The vaccine’s RNA strands are hidden inside of nanoscale fat globules, which keeps our immune systems from flipping out and going all medieval on our tissues. (Your immune system isn’t used to seeing RNA floating around outside of cells. When it does, its first hunch is that the out-of-place genetic material belongs to a viral or bacterial pathogen, and it may react aggressively and indiscriminately.)

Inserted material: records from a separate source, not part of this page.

(* Consider the system of ordinary differential equations in $\mathbb{R}^3$ $$\dot x = \vartheta,\qquad \dot\vartheta = -\lambda\vartheta - xu + x - x^3,\qquad \dot u = -\alpha u - \beta x\vartheta,$$ with real parameters $\alpha>0$, $\lambda = 0$ and $\beta>0$. Then every separatrix of the saddle $x=\vartheta=u=0$, i.e. every solution $(x(t),\vartheta(t),u(t))$, not identically zero, with $$\lim_{t\to-\infty}x(t)=\lim_{t\to-\infty}\vartheta(t)=\lim_{t\to-\infty}u(t)=0,$$ tends to infinity as $t\to+\infty$ (it has no $\omega$-limit points).
   Context: For $\alpha>0$, $\lambda=0$ the origin is a saddle equilibrium with a one-dimensional unstable manifold (eigenvalues $1,-1,-\alpha$); a separatrix is a nontrivial solution lying on this unstable manifold. *)

From Stdlib Require Import Reals.
From Coquelicot Require Import Coquelicot.
Open Scope R_scope.

Definition is_solution (alpha lam beta : R) (x th u : R -> R) : Prop :=
  forall t : R,
    is_derive x t (th t) /\
    is_derive th t (- lam * th t - x t * u t + x t - x t ^ 3) /\
    is_derive u t (- alpha * u t - beta * x t * th t).

Definition state_norm (x th u : R -> R) (t : R) : R :=
  sqrt (x t ^ 2 + th t ^ 2 + u t ^ 2).

Definition is_separatrix (alpha lam beta : R) (x th u : R -> R) : Prop :=
  is_solution alpha lam beta x th u /\
  (exists t : R, x t <> 0 \/ th t <> 0 \/ u t <> 0) /\
  is_lim x m_infty 0 /\ is_lim th m_infty 0 /\ is_lim u m_infty 0.

From Stdlib Require Import Reals Lra Psatz Classical.
From Coquelicot Require Import Coquelicot.
Open Scope R_scope.

(* For lam = 0 the function
     lyap = th^2/2 - x^2/2 + x^4/4 - u^2/(2 beta)
   satisfies lyap' = (alpha/beta) u^2 >= 0.  Along a separatrix it tends to 0 at -oo and is not
   identically 0, so lyap >= c > 0 from some time t1 on.  Suppose the orbit returns infinitely
   often to a ball |z| <= M.  After each return the solution stays bounded for a fixed time h, and
   unless lyap gains a fixed amount d during that time, u is small there; since
   u' = -alpha u - beta x th, so is x th; since (x th)' = th^2 + x^2 - x^4 - x^2 u, so is
   th^2 + x^2 - x^4.  These three quantities being small is incompatible with lyap >= c.  Hence
   lyap gains d at every return and is unbounded along the returns, although it is bounded on the
   ball. *)

Lemma is_derive_eq (f : R -> R) (t l l' : R) : is_derive f t l -> l = l' -> is_derive f t l'.
Proof. now intros H <-. Qed.

Lemma is_derive_Rconst (c t : R) : is_derive (fun _ => c) t 0.
Proof. exact (is_derive_const c t). Qed.

Lemma is_derive_Ropp (f : R -> R) (t a : R) :
  is_derive f t a -> is_derive (fun s => - f s) t (- a).
Proof. exact (is_derive_opp f t a). Qed.

Lemma is_derive_Rplus (f g : R -> R) (t a b : R) :
  is_derive f t a -> is_derive g t b -> is_derive (fun s => f s + g s) t (a + b).
Proof. exact (is_derive_plus f g t a b). Qed.

Lemma is_derive_Rminus (f g : R -> R) (t a b : R) :
  is_derive f t a -> is_derive g t b -> is_derive (fun s => f s - g s) t (a - b).
Proof. exact (is_derive_minus f g t a b). Qed.

Lemma is_derive_Rdiv_const (f : R -> R) (t a k : R) :
  is_derive f t a -> is_derive (fun s => f s / k) t (a / k).
Proof.
  intros Hf. eapply is_derive_eq.
  - exact (Derive.is_derive_mult f (fun _ => / k) t a 0 Hf (is_derive_Rconst _ _)).
  - unfold Rdiv; ring.
Qed.

Ltac derive_poly leaf := repeat match goal with
  | |- is_derive (fun _ => _ + _) _ _ => apply is_derive_Rplus
  | |- is_derive (fun _ => _ - _) _ _ => apply is_derive_Rminus
  | |- is_derive (fun _ => - _) _ _ => apply is_derive_Ropp
  | |- is_derive (fun _ => _ / _) _ _ => apply is_derive_Rdiv_const
  | |- is_derive (fun _ => _ ^ _) _ _ => apply is_derive_pow
  | |- is_derive (fun _ => _ * _) _ _ => apply Derive.is_derive_mult
  | |- is_derive (fun _ => ?c) _ _ => apply is_derive_Rconst
  | |- is_derive _ _ _ => leaf
  end.

Lemma derive_eq0_of_constant (f : R -> R) (c t l : R) :
  (forall r, f r = c) -> is_derive f t l -> l = 0.
Proof.
  intros Hc Hf.
  rewrite <- (is_derive_unique f t l Hf), (Derive_ext f (fun _ => c)) by exact Hc.
  apply Derive_const.
Qed.

Lemma increment_ge_of_derive_ge (f df : R -> R) (a b m : R) :
  a <= b -> (forall r, is_derive f r (df r)) ->
  (forall r, a <= r <= b -> m <= df r) -> m * (b - a) <= f b - f a.
Proof.
  intros Hab Hf Hm.
  destruct (MVT_gen f a b df) as [c [Hc ->]].
  - intros r _; apply Hf.
  - intros r _; apply continuity_pt_filterlim, (ex_derive_continuous f).
    now exists (df r).
  - rewrite Rmin_left, Rmax_right in Hc by lra.
    apply Rmult_le_compat_r; [lra | now apply Hm].
Qed.

Lemma Rabs_increment_le (f df : R -> R) (a b L : R) :
  a <= b -> (forall r, is_derive f r (df r)) ->
  (forall r, a <= r <= b -> Rabs (df r) <= L) -> Rabs (f b - f a) <= L * (b - a).
Proof.
  intros Hab Hf HL.
  assert (Hlo : - L * (b - a) <= f b - f a).
  { apply (increment_ge_of_derive_ge f df); auto.
    intros r Hr; specialize (HL r Hr); apply Rabs_le_between in HL; lra. }
  assert (Hhi : - L * (b - a) <= - f b - - f a).
  { apply (increment_ge_of_derive_ge (fun r => - f r) (fun r => - df r)); auto.
    - intro r; now apply is_derive_Ropp.
    - intros r Hr; specialize (HL r Hr); apply Rabs_le_between in HL; lra. }
  apply Rabs_le; lra.
Qed.

Lemma nondecreasing_of_derive_ge0 (f df : R -> R) (a b : R) :
  (forall r, is_derive f r (df r)) -> (forall r, 0 <= df r) -> a <= b -> f a <= f b.
Proof.
  intros Hf Hdf Hab.
  enough (0 * (b - a) <= f b - f a) by lra.
  apply (increment_ge_of_derive_ge f df); auto.
Qed.

(* [g] varies by at most [eta / 2] on [s, s + l], so [df >= eta / 4] there. *)
Lemma increment_ge_of_large_drive (f df g dg : R -> R) (s l L eta : R) :
  (forall r, is_derive f r (df r)) -> (forall r, is_derive g r (dg r)) ->
  0 <= l -> L * l <= eta / 2 ->
  (forall r, s <= r <= s + l -> Rabs (dg r) <= L) ->
  (forall r, s <= r <= s + l -> Rabs (df r - g r) <= eta / 4) ->
  eta <= g s -> eta / 4 * l <= f (s + l) - f s.
Proof.
  intros Hf Hg Hl HLl HL Hfg Hgs.
  replace l with (s + l - s) at 1 by ring.
  apply (increment_ge_of_derive_ge f df); [lra | exact Hf |].
  intros r Hr.
  assert (Hvar : Rabs (g r - g s) <= L * (r - s))
    by (apply (Rabs_increment_le g dg); [lra | exact Hg | intros q Hq; apply HL; lra]).
  assert (L * (r - s) <= L * l).
  { apply Rmult_le_compat_l; [| lra]. specialize (HL s ltac:(lra)). pose proof (Rabs_pos (dg s)). lra. }
  specialize (Hfg r Hr).
  apply Rabs_le_between in Hvar; apply Rabs_le_between in Hfg. lra.
Qed.

Lemma small_of_slow_primitive (f df g dg : R -> R) (s l L eta : R) :
  (forall r, is_derive f r (df r)) -> (forall r, is_derive g r (dg r)) ->
  0 <= l -> L * l <= eta / 2 ->
  (forall r, s <= r <= s + l -> Rabs (dg r) <= L) ->
  (forall r, s <= r <= s + l -> Rabs (df r - g r) <= eta / 4) ->
  Rabs (f (s + l) - f s) < eta / 4 * l -> Rabs (g s) < eta.
Proof.
  intros Hf Hg Hl HLl HL Hfg Hslow.
  apply Rnot_le_lt; intro Hgs.
  destruct (Rle_or_lt 0 (g s)) as [Hpos | Hneg].
  - rewrite Rabs_pos_eq in Hgs by lra.
    pose proof (increment_ge_of_large_drive f df g dg s l L eta Hf Hg Hl HLl HL Hfg Hgs).
    pose proof (Rle_abs (f (s + l) - f s)). lra.
  - rewrite Rabs_left in Hgs by lra.
    pose proof (increment_ge_of_large_drive (fun r => - f r) (fun r => - df r)
      (fun r => - g r) (fun r => - dg r) s l L eta) as H.
    assert (eta / 4 * l <= - f (s + l) - - f s).
    { apply H; auto.
      - intro r; now apply is_derive_Ropp.
      - intro r; now apply is_derive_Ropp.
      - intros r Hr; rewrite Rabs_Ropp; auto.
      - intros r Hr; replace (- df r - - g r) with (- (df r - g r)) by ring.
        rewrite Rabs_Ropp; auto. }
    pose proof (Rle_abs (- (f (s + l) - f s))). rewrite Rabs_Ropp in *. lra.
Qed.

Lemma le_twice_of_derive_le_sq (f df : R -> R) (C A t s : R) :
  (forall r, is_derive f r (df r)) -> (forall r, 0 < f r) -> (forall r, df r <= C * f r ^ 2) ->
  0 < C -> 0 < A -> f t <= A -> t <= s <= t + / (2 * C * A) -> f s <= 2 * A.
Proof.
  intros Hf Hpos Hdf HC HA Ht Hs.
  assert (Hinv : - C * (s - t) <= / f s - / f t).
  { apply (increment_ge_of_derive_ge (fun r => / f r) (fun r => - df r / f r ^ 2)); [lra | |].
    - intro r; apply is_derive_inv; [apply Hf | specialize (Hpos r); lra].
    - intros r _. specialize (Hdf r). specialize (Hpos r).
      apply Rmult_le_reg_r with (f r ^ 2); [nra |].
      unfold Rdiv. rewrite Rmult_assoc, Rinv_l by nra. lra. }
  assert (C * (s - t) <= / (2 * A)).
  { apply Rle_trans with (C * / (2 * C * A)); [apply Rmult_le_compat_l; lra |].
    right; field; lra. }
  assert (/ A <= / f t) by (apply Rinv_le_contravar; auto).
  assert (/ (2 * A) <= / f s) by (replace (/ (2 * A)) with (/ A - / (2 * A)) by (field; lra); lra).
  specialize (Hpos s).
  rewrite <- (Rinv_inv (f s)), <- (Rinv_inv (2 * A)).
  apply Rinv_le_contravar; [apply Rinv_0_lt_compat; lra | assumption].
Qed.

Lemma exists_short_step (a L eta : R) :
  0 < a -> 0 < L -> 0 < eta -> exists l, 0 < l /\ l <= a /\ L * l <= eta / 2.
Proof.
  intros Ha HL Heta. exists (Rmin a (eta / (2 * L))); repeat split.
  - apply Rmin_pos; [lra | apply Rdiv_lt_0_compat; lra].
  - apply Rmin_l.
  - apply Rle_trans with (L * (eta / (2 * L))); [apply Rmult_le_compat_l; [lra | apply Rmin_r] |].
    right; field; lra.
Qed.

Lemma is_lim_Rdiv_const (f : R -> R) (a : Rbar) (l k : R) :
  is_lim f a l -> is_lim (fun y => f y / k) a (l / k).
Proof. exact (is_lim_scal_r f (/ k) a l). Qed.

Lemma is_lim_pow_0 (f : R -> R) (a : Rbar) (n : nat) :
  is_lim f a 0 -> is_lim (fun y => f y ^ S n) a 0.
Proof.
  intros Hf; induction n as [|n IH].
  - apply (is_lim_ext f); [intro; simpl; ring | exact Hf].
  - apply (is_lim_ext (fun y => f y * f y ^ S n)); [intro; simpl; ring |].
    replace (Finite 0) with (Rbar_mult 0 0) by (simpl; f_equal; ring).
    apply is_lim_mult; simpl; auto.
Qed.

Lemma lim_m_infty_le_of_nondecreasing (f : R -> R) (l t : R) :
  (forall a b, a <= b -> f a <= f b) -> is_lim f m_infty l -> l <= f t.
Proof.
  intros Hf Hl.
  apply (is_lim_le_loc f (fun _ => f t) m_infty l (f t)); [| exact Hl | apply is_lim_const].
  exists t; intros s Hs; apply Hf; lra.
Qed.

Lemma eq_lim_m_infty_of_derive_0 (f : R -> R) (l t : R) :
  (forall r, is_derive f r 0) -> is_lim f m_infty l -> f t = l.
Proof.
  intros Hf Hl.
  assert (Hmono : forall g : R -> R, (forall r, is_derive g r 0) -> forall a b, a <= b -> g a <= g b)
    by (intros g Hg a b; apply (nondecreasing_of_derive_ge0 g (fun _ => 0)); auto; intro; lra).
  apply Rle_antisym.
  - enough (- l <= - f t) by lra.
    apply (lim_m_infty_le_of_nondecreasing (fun r => - f r)).
    + apply Hmono; intro r; rewrite <- Ropp_0; now apply is_derive_Ropp.
    + exact (is_lim_opp f m_infty l Hl).
  - apply lim_m_infty_le_of_nondecreasing; [apply Hmono, Hf | exact Hl].
Qed.

Lemma not_is_lim_p_infty (f : R -> R) :
  ~ is_lim f p_infty p_infty -> exists M, forall T, exists t, T <= t /\ f t <= M.
Proof.
  intro Hf. apply NNPP; intro Hn. apply Hf, is_lim_spec. intro M.
  apply NNPP; intro HM. apply Hn. exists M. intro T.
  apply NNPP; intro HT. apply HM. exists T. intros t Ht.
  apply Rnot_le_lt; intro Hft. apply HT. exists t; split; [lra | exact Hft].
Qed.

Lemma unbounded_of_recurrent_increments (f : R -> R) (P : R -> Prop) (h d : R) :
  0 < d -> (forall a b, a <= b -> f a <= f b) -> (forall T, exists t, T <= t /\ P t) ->
  (forall t, P t -> f t + d <= f (t + h)) -> forall K, exists t, P t /\ K <= f t.
Proof.
  intros Hd Hmono Hrec Hstep K.
  destruct (Hrec 0) as [t0 [_ Ht0]].
  assert (Hn : forall n : nat, exists t, P t /\ f t0 + INR n * d <= f t).
  { induction n as [|n [t [Ht Hft]]].
    - exists t0; split; [exact Ht0 | simpl; lra].
    - destruct (Hrec (t + h)) as [t' [Htt' Ht']].
      exists t'; split; [exact Ht' |].
      pose proof (Hstep t Ht); pose proof (Hmono _ _ Htt').
      rewrite S_INR; lra. }
  destruct (INR_archimed d (K - f t0) Hd) as [n Hnd].
  destruct (Hn n) as [t [Ht Hft]].
  exists t; split; [exact Ht | lra].
Qed.

Lemma radial_growth_le (alpha beta X T U : R) : 0 <= alpha -> 0 <= beta ->
  2 * X * T + 2 * T * (- X * U + X - X ^ 3) + 2 * U * (- alpha * U - beta * X * T)
  <= (4 + beta) * (1 + X ^ 2 + T ^ 2 + U ^ 2) ^ 2.
Proof.
  intros Ha Hb.
  set (N := 1 + X ^ 2 + T ^ 2 + U ^ 2).
  assert (HXT : 2 * Rabs (X * T) <= N).
  { unfold N; rewrite Rabs_mult; pose proof (pow2_ge_0 (Rabs X - Rabs T)).
    rewrite <- (pow2_abs X), <- (pow2_abs T); nra. }
  assert (HU : 2 * Rabs U <= N).
  { unfold N. pose proof (pow2_ge_0 (Rabs U - 1)). rewrite <- (pow2_abs U). nra. }
  assert (HN : 1 <= N) by (unfold N; nra).
  assert (HX2 : X ^ 2 <= N) by (unfold N; nra).
  assert (H1 : 4 * X * T <= 2 * N ^ 2) by (pose proof (Rle_abs (X * T)); nra).
  assert (H2 : - 2 * (X * T) * U <= N ^ 2 / 2).
  { pose proof (Rabs_pos (X*T)); pose proof (Rabs_pos U).
    pose proof (Rle_abs (-(X*T*U))) as HXTU. rewrite Rabs_Ropp, !Rabs_mult in HXTU.
    assert (2 * Rabs (X * T) * (2 * Rabs U) <= N * N) by (apply Rmult_le_compat; lra).
    rewrite Rabs_mult in *. nra. }
  assert (H3 : - 2 * X ^ 3 * T <= N ^ 2).
  { pose proof (Rle_abs (-(X*T))) as HXT'. rewrite Rabs_Ropp in HXT'. nra. }
  nra.
Qed.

The primary target for an RNA vaccine, as for traditional vaccines, is dendritic cells, which, Pulendran told me, “love to gobble up nanoscale droplets.” They shuttle the RNA-laden fat globules through their outer membranes into the cytoplasm, a cell’s factory floor. Once inside, the RNA strands make their way to protein-producing power tools called ribosomes and perch on them.
“The ribosomes decipher the strands’ coded instructions and churn out new SARS-CoV-2 spike-protein bits of incomparable purity by the bucketful — it’s like a cellular protein factory,” Pulendran said.
Dendritic cells in the vicinity of the shot take up the antigen-coding RNA and can, as a result, produce tons of antigen on their own. This triggers an effect similar to traditional vaccines, in which dendritic cells displaying their antigenic trophies on their surfaces race to the lymph nodes to tip off the immune cells hanging out there.
Dendritic cells’ newfound ability to brew up the SARS-CoV-2 antigen they’ve produced by themselves may result in bits of chewed-up antigen being displayed all the more abundantly on these cells surfaces. This, Pulendran suggested, could boost the immune response — and could help explain the effectiveness of both RNA-based COVID-19 vaccines.
Non-immune cells such as those in muscle or nearby fat tissue — which wouldn’t have ingested the antigens contained in traditional vaccines — can, in principle, take up RNA; but they do so far less efficiently than dendritic cells.
If any non-immune cells in the vicinity were to take up RNA from the COVID-19 vaccine, they, too, would produce the spike protein. And they, too, would chew up a fraction of these newly produced protein pieces into little tidbits and display them on their surfaces for inspection by roving immune cells that survey our tissues for signs of intruders.
This, Pulendran said, could amplify the antigen’s exposure to those patrolling inspectors on the lookout for invaded cells — for instance, in the lung and upper respiratory tract, where SARS-CoV-2 most likes to get a toehold. This would further strengthen the immune response.
Importantly, the genes of cells that ingest vaccine RNA aren’t altered. The RNA delivered by a vaccine needs only to get to the cytoplasm, not to penetrate the cell nucleus — where the genes reside — to produce antigenic material. Even if the vaccine RNA did get into the nucleus, our cells are unable to convert RNA into the DNA our genes are made of.
Nor can the vaccine RNA molecules taken up by our cells replicate themselves — our cells contain no capacity to perform that operation.
While the COVID-19 vaccines have been proven effective in preventing severe disease, their ability to block disease transmission remains unknown. But, Pulendran pointed out, that caveat applies to most vaccines we’ve been routinely using for years.
Another unknown, the durability of immunity the vaccines confer, can only be assessed as the months and years roll by.
The revolutionary new RNA vaccines may someday be recalled as the shots that cured around the world.